Jennifer Mabey and Dr. Scott Steffensen, Department of Psychology

The aim of my ORCA grant was to better under the addictive pathway of ethanol (EtOH) in the ventral tegmental area (VTA) of the brain. The VTA contains several neuron types that release different neurotransmitters, but the type I experimented with was γ-Aminobutyric acid (GABA), which is the primary inhibitory neurotransmitter in the brain. GABA neurons regulate dopamine (DA) neurons in the VTA by inhibiting DA release but when the GABA neurons are inhibited, DA neurons are hyperexcitable and therefore have an increased DA release in the VTA. I originally sought out to see if nicotinic acetylcholine receptors (nAChRs) present on GABA neurons in the VTA is where EtOH is known to act (Davis and de Fiebre). Specifically I suspected that the nAChR subunit α-7, may be the leading mechanism of action of EtOH in the VTA. From previous experimentation in Dr. Steffensen’s lab, it was found that GABA neurons in the VTA are experiencing plasticity – changes in neuronal behavior – when exposed to only one injection of EtOH. I hypothesized that plasticity occurring in VTA GABA neurons could be blocked by the α-7 nicotinic antagonist methyllycaconitine (MLA).

Soon after I began to collect data, my mentor received an offer to collaborate with researchers from the University of Toronto on an addiction project regarding the VTA GABA neurons’ effect on opiate motivation. Because I had to yet to gain significant data that could have supported my hypothesis, my project was put on hold. Instead, I will report the results of the new project I worked on.

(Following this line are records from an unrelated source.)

Lemma region_weight y : y \notin jumps ->
  \sum_(z in region y) omega z + tau * level y <= weight y.
Proof.
elim/(@subtree_ind _ _ treeI r): y => y IH yM.
set NJ := [set c in children y | c \notin jumps].
have h1 : \sum_(z in region y) omega z <= omega y + \sum_(c in NJ) \sum_(z in region c) omega z.
  apply: leq_trans (leq_sum_subset _ (region_split yM)) _.
  rewrite (big_setD1 y) ?setU11 //=; apply: leq_add => //.
  apply: leq_trans (leq_sum_bigcup _ _ _); apply: leq_sum_subset.
  by apply/subsetP => z; rewrite in_setD1 in_setU1 => /andP[/negbTE ->].
have h2 : \sum_(c in NJ) \sum_(z in region c) omega z + tau * \sum_(c in children y) level c
    <= \sum_(c in children y) weight c.
  rewrite (sum_filter_mulb _ (fun c => c \notin jumps)) big_distrr -big_split /=; apply: leq_sum => c hc.
  case: (boolP (c \in jumps)) => cM /=; last by rewrite mul1n; apply: IH.
  by rewrite mul0n add0n mulnC; exact: leq_divM.
have h3 : level y <= \sum_(c in children y) level c.
  case: (posnP (level y)) => [->//|ly].
  by case: (nonjump_child yM ly) => c0 h0 l0; apply: leq_trans l0 (leq_sum_bigD1 _ h0).
by rewrite weight_rec; have := leq_mul (leqnn tau) h3; lia.
Qed.

Lemma card_jumps_below y : y \notin jumps -> #|jumps_below y| <= (0 < level y).
Proof.
elim/(@subtree_ind _ _ treeI r): y => y IH yM.
set NJ := [set c in children y | c \notin jumps].
have hsub : jumps_below y \subset
    [set c in children y | c \in jumps] :|: \bigcup_(c in NJ) jumps_below c.
  apply/subsetP => m; rewrite in_set => /andP[mM pmG].
  case: (eqVneq (parent m) y) => [pmy|pmny].
    rewrite in_setU; apply/orP; left; rewrite inE mM andbT inE pmy eqxx /=.
    by apply: contraNneq yM => <-.
  move/subsetP: (region_split yM) => /(_ _ pmG).
  rewrite in_setU1 (negbTE pmny) /= => /bigcupP [c hc pmc].
  by rewrite in_setU; apply/orP; right; apply/bigcupP; exists c; rewrite // in_set mM.
apply: leq_trans (subset_leq_card hsub) _; apply: leq_trans (leq_card_setU _ _) _.
apply: leq_trans (leq_add (leqnn _) (leq_card_bigcup _ _)) _.
apply: leq_trans (nonjump_count_positive_children yM).
rewrite -sum1_card (sum_filter_mulb _ (mem jumps)) (sum_filter_mulb _ (fun c => c \notin jumps)).
rewrite -big_split; apply: leq_sum => c hc.
case: (boolP (c \in jumps)) => cM /=.
  by rewrite cM muln1 mul0n addn0 level_jump_gt0.
by rewrite (negbTE cM) mul0n mul1n; apply: IH.
Qed.

End Jumps.

Section Restrict.
Variables (V : finType) (e : rel V).

Definition restrict_rel (S : {set V}) := [rel x y | e x y && (x \in S) && (y \in S)].
Definition component (S : {set V}) c0 := [set y | connect (restrict_rel S) c0 y].

Lemma component_sub (S : {set V}) (c0 y : V) : c0 \in S -> y \in component S c0 -> y \in S.
Proof.
move=> h0; rewrite inE => /connectP [s ps ->].
elim: s c0 h0 ps => [//|b s IH] x hx /= /andP[/andP[/andP[_ _] hb] ps].
exact: IH.
Qed.

Lemma component_self (S : {set V}) (c0 : V) : c0 \in component S c0.
Proof. by rewrite inE connect0. Qed.

End Restrict.

Section Separator.
Variables (V : finType) (e : rel V) (I : finType) (eI : rel I) (B : I -> {set V}).
Hypothesis hTD : tree_decomposition e eI B.
Variable n : nat.
Hypothesis bag_size : forall i, #|B i| <= n.
Hypothesis n_gt0 : 0 < n.
Variable r : I.
Variables U Q : {set V}.
Hypothesis QU : Q \subset U.

Lemma td_tree : is_tree eI. Proof. by case: hTD. Qed.
Lemma td_cover v : exists i, v \in B i. Proof. by case: hTD. Qed.
Lemma td_edge u v : e u v -> exists i, (u \in B i) && (v \in B i).
Proof. by case: hTD => _ _ h _; exact: h. Qed.
Lemma td_connect v i j : v \in B i -> v \in B j ->
  connect (fun a b => [&& eI a b, v \in B a & v \in B b]) i j.
Proof. by case: hTD => _ _ _ h; exact: h. Qed.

The dogma in the opiate addiction field is that mu-opioid receptors (MORs) located on VTA GABA neurons are activated by opioids leading to disinhibition of DA neural activity and release in the NAcc. A corresponding switch is observed in VTA GABA receptor subunit A (GABAAR) on VTA GABA neurons, which change from mediating hyperpolarization to mediating depolarization.

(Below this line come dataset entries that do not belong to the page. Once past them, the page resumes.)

(* Let $T\in S(\lambda,\mu)$ and let $\tau$ be a row-standard filling of shape $\lambda$ and content $\mu$ with $\mathrm{st}(\tau)=T$. Then $\tau$ can be obtained from $T$ by a finite sequence of admissible transpositions, and the minimum number of admissible transpositions in such a sequence is $\mathrm{inv}(\tau)$.
   Context: A shape is a partition $\lambda=(\lambda_1\ge\dots\ge\lambda_m\ge1)$ with $\lambda_i$ left-justified boxes in row $i$ (rows top to bottom, columns left to right). A content is $\mu=(\mu_1,\dots,\mu_M)$, all $\mu_i\ge1$, $\sum\mu_i=\sum\lambda_i$; a filling of content $\mu$ uses value $v$ exactly $\mu_v$ times; row-standard means rows strictly increase left to right. $S(\lambda,\mu)$: row-standard fillings with weakly increasing columns. Inversion pairs of a row-standard $\tau$: for a box $c$ and $r\ge1$ let $c^{(r)}$ be the box $r$ positions to its right, if it exists. For distinct boxes $c,c'$ in the same column with $\tau(c)<\tau(c')$, let $r\ge1$ be least such that one of $c^{(r)},c'^{(r)}$ does not exist or both exist with $\tau(c^{(r)})\ne\tau(c'^{(r)})$. $(c,c')$ is an inversion pair if either (one does not exist and $c$ lies below $c'$) or (both exist and $\tau(c^{(r)})>\tau(c'^{(r)})$); $\mathrm{inv}(\tau)$ is the number of inversion pairs. $\mathrm{st}(\tau)$: sort each column weakly increasingly. Height order: on the boxes of each column of a row-standard $\tau$ a total order $\blacktriangleleft$ is defined, column by column from right to left: for distinct boxes $c,c'$ in column $j$, if at least one of them has no box directly to its right then $c\blacktriangleleft c'$ iff $c$ is above $c'$; if both have right neighbours $b,b'$, then $c\blacktriangleleft c'$ iff $\tau(b)<\tau(b')$, or $\tau(b)=\tau(b')$ and $b\blacktriangleleft b'$ (in column $j+1$). The height of a box is its rank in this order within its column. A partial row transposition at two boxes $c,c'$ of column $j$ (in rows $i_1,i_2$) with $\tau(c)<\tau(c')$ and heights differing by exactly $1$ swaps the contents of rows $i_1$ and $i_2$ in columns $1,\dots,j$ (columns $>j$ unchanged); it is admissible if $\tau(c)$ and $\tau(c')$ are both smaller than the entries directly to the right of $c$ and of $c'$ (whenever these exist), i.e. the result is again row-standard. *)

(* Fillings are lists of rows (top to bottom), each row a
   list of values (left to right); boxes are 0-indexed (row i, column j). *)
From mathcomp Require Import all_boot.
Set Implicit Arguments. Unset Strict Implicit. Unset Printing Implicit Defensive.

Chronic exposure to opiates increases BDNF levels in the VTA. The researchers at the University of Toronto found that brain-derived neurotrophic factor (BDNF) produces an opiate- dependent state and mediates the switch in GABAAR function in VTA GABA neurons. For example, the typical inhibition of VTA GABA neuron firing by the GABAA agonist muscimol is reversed by prior treatment with BDNF.

Using this knowledge from previous experiments, we hypothesized that knocking out BDNF tyrosine receptor kinase B (TrkB) receptors with TrkB small interfering RNA (siRNA) in the VTA will block opiate dependence and restore the inhibitory effects of the GABAA R agonist muscimol on VTA GABA neuron firing rate. siRNA acts by interfering the expression of specific genes, in this case the BDNF TrkB receptors (Vargas-Perez H et al.).

To test this, I performed experiments using cell-attached patch clamp electrophysiology, where I recorded spontaneous GABA firing activity in drug free control mice (naïve), opiate dependent mice, and mice injected with siRNA that knocked out BDNF TrkB receptors. Neurons were voltage-clamped at 0 mV throughout the experiment. First, a stable baseline recording of firing activity was obtained for 5 min. Then 10nM muscimol was applied to the bath for 5 min. The muscimol concentration in the bath was increased to 100nM for another 5 min, followed by a final increase to 1μM muscimol. This was done to find the dosage that muscimol had the greatest effect on neuronal firing rate. 100nM muscimol was found to be the best. The results for GABA firing rate for naïve, opiate dependent, and siRNA injected mice with 100nM muscimol are shown in Figure 1.

These results show that muscimol significantly inhibited firing rates in naive and siRNA mice, but not in opiate dependent mice. Depletion of TrkB receptors in the VTA prevents the switch in GABAA R function in VTA GABA neurons by chronic opiate treatment, suggesting that these neurons, which express MORs, are critical adaptive neuronal substrates underlying opiate dependence.

The poster for this ORCA projected was presented at the University of Utah’s Annual Snowbird Symposium in fall of 2012 (Mabey et al.).

References

• Davis TJ, & de Fiebre CM. Alcohol’s actions on neuronal nicotinic acetylcholine receptors. Alcohol Res Health. 2006; 29(3):179-85.
• Vargas-Perez H, Ting-A-Kee R, Walton CH, Hansen DM, Razavi R, Clarke L,
• Bufalino M, Allison DW, Steffensen SC, van der Kooy D. (2009). Ventral tegmental area BDNF induces an opiate-dependent–like reward state in naïve rats. Science. 324(5935):1732-4.
• Mabey JK, Shin SI, White D, Nielson C, Vargas-Perez H, Ting-A-Kee R, Bahi A, van der Kooy D, Steffensen SC. Ventral tegmental area GABAergic activity underlies opiate motivation. Poster presented at University of Utah Snowbird Symposium Fall 2012. 2012, Nov 2-3; Snowbird, Utah.